Description of the task =
Set down, exactly as written, every line from the one containing "parallel (A (x 0) *m uvec (Ew" through the end of the listing.

Source material =
____

(* Let $X$, $P$ (irreducible, row-stochastic), $\Sigma$, $\mu$, $\{A_i\}_{i\in X}$ be as in the context, with $\{A_i\}$ projectively uniformly hyperbolic with respect to $\Sigma$ and a multicone fixed; let $R$, $Q$, a recurrent class $C$, $\Sigma_C$, $\pi$ and $\mu_C$ be as in the context. Define $\vartheta:\Sigma_C\to\Sigma$ by $\vartheta((r_n)_{n\ge0})=(\tau(r_n))_{n\ge0}$. Then $\vartheta$ is surjective and $\vartheta_*\mu_C=\mu$.
   Context: $X$ finite; $P$ row-stochastic and irreducible; $\Sigma=\{x\in X^{\mathbb N_0}:P_{x_nx_{n+1}}>0\ \forall n\}$; $p$ the stationary probability vector; $\mu$ the Markov measure with $\mu([i_0,\dots,i_n])=p_{i_0}P_{i_0i_1}\cdots P_{i_{n-1}i_n}$. Projective uniform hyperbolicity: on $\widehat\Sigma=\{(x_n)_{n\in\mathbb Z}:P_{x_nx_{n+1}}>0\}$ with left shift $\widehat\sigma$ there is a continuous splitting $\mathbb R^2=E^d(\hat x)\oplus E^w(\hat x)$ into lines with $A_{x_0}E^*(\hat x)=E^*(\widehat\sigma\hat x)$ ($*=d,w$) and $n\ge1$ with $\|A_{x_{n-1}}\cdots A_{x_0}|_{E^w(\hat x)}\|<\|A_{x_{n-1}}\cdots A_{x_0}|_{E^d(\hat x)}\|$ for all $\hat x$. A multicone is a family $\{M_i\}$ of non-empty proper subsets of $\mathbb{RP}^1$, each a finite union of open intervals, with $\overline{[A_j](M_i)}\subset M_j$ whenever $P_{ij}>0$ ($[A]$ the projective action). Write $M_i=\bigsqcup_{a=1}^{m(i)}M_{i,a}$ (components); for $P_{ij}>0$ let $\beta(i,a,j)$ be the unique $b$ with $[A_j](\overline{M_{i,a}})\subset M_{j,b}$. $R=\{((i,a),(j,b)):P_{ij}>0,\ 1\le a\le m(i),\ b=\beta(i,a,j)\}$, and for $r=((i,a),(j,b))$: $s(r)=(i,a)$, $t(r)=(j,b)$, $\tau(r)=j$. $Q_{r,r'}=P_{\tau(r)\tau(r')}$ if $t(r)=s(r')$, $0$ otherwise. A recurrent class is $C\subset R$ with $Q|_C$ irreducible and ($r\in C$, $Q_{r,r'}>0\Rightarrow r'\in C$). $\Sigma_C=\{(r_n)\in C^{\mathbb N_0}:Q_{r_nr_{n+1}}>0\}$, $\pi$ the stationary probability vector of $Q|_C$, $\mu_C$ the corresponding Markov measure on $\Sigma_C$. *)

From HB Require Import structures.
From mathcomp Require Import all_boot all_order all_algebra.
From mathcomp Require Import all_classical all_reals all_analysis.
Set Implicit Arguments. Unset Strict Implicit. Unset Printing Implicit Defensive.
Import Order.TTheory GRing.Theory Num.Theory.
Import numFieldNormedType.Exports.
Local Open Scope classical_set_scope.
Local Open Scope ring_scope.

(* The point t0 is only needed because MathComp-Analysis measurable types    *)
(* must be pointed types; it plays no mathematical role.                     *)
Definition pseq (T : Type) (t0 : T) : Type := nat -> T.
HB.instance Definition _ (T : choiceType) (t0 : T) := Choice.on (pseq t0).
HB.instance Definition _ (T : choiceType) (t0 : T) :=
  isPointed.Build (pseq t0) (fun _ => t0).

Definition cyl (T : Type) (t0 : T) (w : seq T) : set (pseq t0) :=
  [set x | forall k, (k < size w)%N -> x k = nth t0 w k].
Arguments cyl {T} t0 w.
Definition cylinders (T : Type) (t0 : T) : set (set (pseq t0)) :=
  [set cyl t0 w | w in [set: seq T]].
Arguments cylinders {T} t0.
(* T^N as a measurable type, with the cylinder (= product = Borel) sigma-algebra *)
Definition seqspace (T : choiceType) (t0 : T) := g_sigma_algebraType (cylinders t0).
Arguments seqspace {T} t0.

Section Defs.
Variable R : realType.

Definition fmul (T : finType) (A B : T -> T -> R) : T -> T -> R :=
  fun i j => \sum_(k : T) A i k * B k j.
Definition fid (T : finType) : T -> T -> R := fun i j => (i == j)%:R.
Definition fpow (T : finType) (A : T -> T -> R) (n : nat) : T -> T -> R :=
  iter n (fmul A) (@fid T).

Definition row_stochastic (T : finType) (P : T -> T -> R) :=
  (forall i j, 0 <= P i j) /\ (forall i, \sum_(j : T) P i j = 1).
Definition irreducible (T : finType) (P : T -> T -> R) :=
  forall i j, exists n, 0 < fpow P n i j.
Definition stationary_prob (T : finType) (P : T -> T -> R) (p : T -> R) :=
  [/\ forall i, 0 <= p i, \sum_(i : T) p i = 1 &
      forall j, \sum_(i : T) p i * P i j = p j].

Definition restr (T : finType) (C : {set T}) (A : T -> T -> R) : T -> T -> R :=
  fun i j => if (i \in C) && (j \in C) then A i j else 0.
Definition irreducible_on (T : finType) (C : {set T}) (A : T -> T -> R) :=
  forall i j, i \in C -> j \in C -> exists n, 0 < fpow (restr C A) n i j.
(* pi is the stationary probability vector of A|_C (values off C irrelevant) *)
Definition stationary_prob_on (T : finType) (C : {set T}) (A : T -> T -> R)
    (pi : T -> R) :=
  [/\ forall i, i \in C -> 0 <= pi i, \sum_(i in C) pi i = 1 &
      forall j, j \in C -> \sum_(i in C) pi i * A i j = pi j].

Fixpoint chain (T : Type) (A : T -> T -> R) (t : T) (w : seq T) : R :=
  if w is t' :: w' then A t t' * chain A t' w' else 1.

(* mu([i0,...,in]) = p_{i0} P_{i0 i1} ... P_{i(n-1) in}; as a measure on X^N,
   concentrated on Sigma *)
Definition markov_measure (X : finType) (x0 : X)
    (mu : {measure set (seqspace x0) -> \bar R}) (p : X -> R) (P : X -> X -> R) :=
  forall (i0 : X) (w : seq X), mu (cyl x0 (i0 :: w)) = (p i0 * chain P i0 w)%:E.

(* Markov measure on C^N (as a measure on T^N concentrated on C^N) *)
Definition markov_measure_on (T : finType) (t0 : T) (C : {set T})
    (mu : {measure set (seqspace t0) -> \bar R}) (pi : T -> R) (Q : T -> T -> R) :=
  forall (r0 : T) (w : seq T), mu (cyl t0 (r0 :: w)) =
    (if all (fun r => r \in C) (r0 :: w) then pi r0 * chain Q r0 w else 0)%:E.

(* The projective line RP^1 = R / pi Z : a point is represented by an angle   *)
(* t (the line spanned by (cos t, sin t)); subsets of RP^1 are represented by *)
(* their (pi-periodic) preimages in R.                                        *)
Definition uvec (t : R) : 'cV[R]_2 :=
  \col_(k < 2) (if k == ord0 then cos t else sin t).
Definition parallel (v w : 'cV[R]_2) : Prop :=
  v ord0 ord0 * w ord_max ord0 - v ord_max ord0 * w ord0 ord0 = 0.
Definition vnorm (v : 'cV[R]_2) : R :=
  Num.sqrt (v ord0 ord0 ^+ 2 + v ord_max ord0 ^+ 2).
Definition pimg (A : 'M[R]_2) (M : set R) : set R :=
  [set s | exists2 t, M t & parallel (A *m uvec t) (uvec s)].
(* lift of the open arc of RP^1 from [a] to [b] *)
Definition arc (a b : R) : set R :=
  [set t | exists k : int, a < t + k%:~R * pi < b].
(* M is (the lift of) an open interval of RP^1 which is a proper subset *)
Definition lifted_open_arc (M : set R) :=
  exists a b, [/\ a < b, b <= a + pi & M = arc a b].

Section Multicone.
Variables (X : finType) (P : X -> X -> R) (A : X -> 'M[R]_2).
Variables (m : X -> nat) (Mc : forall i : X, 'I_(m i) -> set R).

Definition Mcone (i : X) : set R := [set t | exists a : 'I_(m i), @Mc i a t].

(* {M_i} is a multicone whose components are the M_{i,a}, a < m i:
   the M_{i,a} are pairwise disjoint open arcs (hence exactly the connected
   components of M_i, and M_i is a finite union of open intervals) *)
Definition multicone_components :=
  [/\ forall i (a : 'I_(m i)), lifted_open_arc (@Mc i a),
      forall i (a b : 'I_(m i)), a != b -> @Mc i a `&` @Mc i b = set0,
      forall i, Mcone i <> set0 /\ Mcone i <> setT &
      forall i j, 0 < P i j -> closure (pimg (A j) (Mcone i)) `<=` Mcone j].

Definition cstate := {i : X & 'I_(m i)}.
Definition rstate := (cstate * cstate)%type.

(* r = ((i,a),(j,b)) belongs to R : P_ij > 0 and b = beta(i,a,j), i.e.
   [A_j](closure M_{i,a}) is contained in M_{j,b} *)
Definition Rrel (r : rstate) : Prop :=
  0 < P (tag r.1) (tag r.2) /\
  pimg (A (tag r.2)) (closure (Mc (tagged r.1))) `<=` Mc (tagged r.2).

Definition tau (r : rstate) : X := tag r.2.

Definition Qm (r r' : rstate) : R :=
  if r.2 == r'.1 then P (tau r) (tau r') else 0.

Definition recurrent_class (C : {set rstate}) :=
  [/\ exists r, r \in C, forall r, r \in C -> Rrel r, irreducible_on C Qm &
      forall r r', r \in C -> Rrel r' -> 0 < Qm r r' -> r' \in C].

Definition SigmaC (C : {set rstate}) : set (nat -> rstate) :=
  [set y | forall n, y n \in C /\ 0 < Qm (y n) (y n.+1)].

Definition vartheta (y : nat -> rstate) : nat -> X := fun n => tau (y n).

End Multicone.

Section PUH.
Variables (X : finType) (P : X -> X -> R) (A : X -> 'M[R]_2).

Definition Sigma : set (nat -> X) := [set x | forall n, 0 < P (x n) (x n.+1)].
Definition Sighat : set (int -> X) := [set x | forall n : int, 0 < P (x n) (x (n + 1))].
Definition hshift (x : int -> X) : int -> X := fun n => x (n + 1).

Fixpoint cocycle (x : int -> X) (n : nat) : 'M[R]_2 :=
  if n is k.+1 then A (x k%:Z) *m cocycle x k else 1%:M.

(* continuity of a map Sighat -> RP^1 (product topology on Sighat; on RP^1
   the distance |sin(s - t)| between the lines of angles s, t) *)
Definition cont_Sighat (E : (int -> X) -> R) :=
  forall x, Sighat x -> forall e, 0 < e -> exists N : nat,
    forall y, Sighat y -> (forall n : int, `|n| <= N%:Z -> y n = x n) ->
      `|sin (E y - E x)| < e.

Definition proj_unif_hyp :=
  exists Ed Ew : (int -> X) -> R,
  [/\ cont_Sighat Ed /\ cont_Sighat Ew,
      (* E^d(x) and E^w(x) are distinct lines, so R^2 = E^d + E^w *)
      forall x, Sighat x -> sin (Ed x - Ew x) != 0,
      forall x, Sighat x ->
        parallel (A (x 0) *m uvec (Ed x)) (uvec (Ed (hshift x))) /\
        parallel (A (x 0) *m uvec (Ew x)) (uvec (Ew (hshift x))) &
      exists n : nat, (0 < n)%N /\ forall x, Sighat x ->
        vnorm (cocycle x n *m uvec (Ew x)) < vnorm (cocycle x n *m uvec (Ed x))].

End PUH.
End Defs.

____

Exercise answer =
        parallel (A (x 0) *m uvec (Ew x)) (uvec (Ew (hshift x))) &
      exists n : nat, (0 < n)%N /\ forall x, Sighat x ->
        vnorm (cocycle x n *m uvec (Ew x)) < vnorm (cocycle x n *m uvec (Ed x))].

End PUH.
End Defs.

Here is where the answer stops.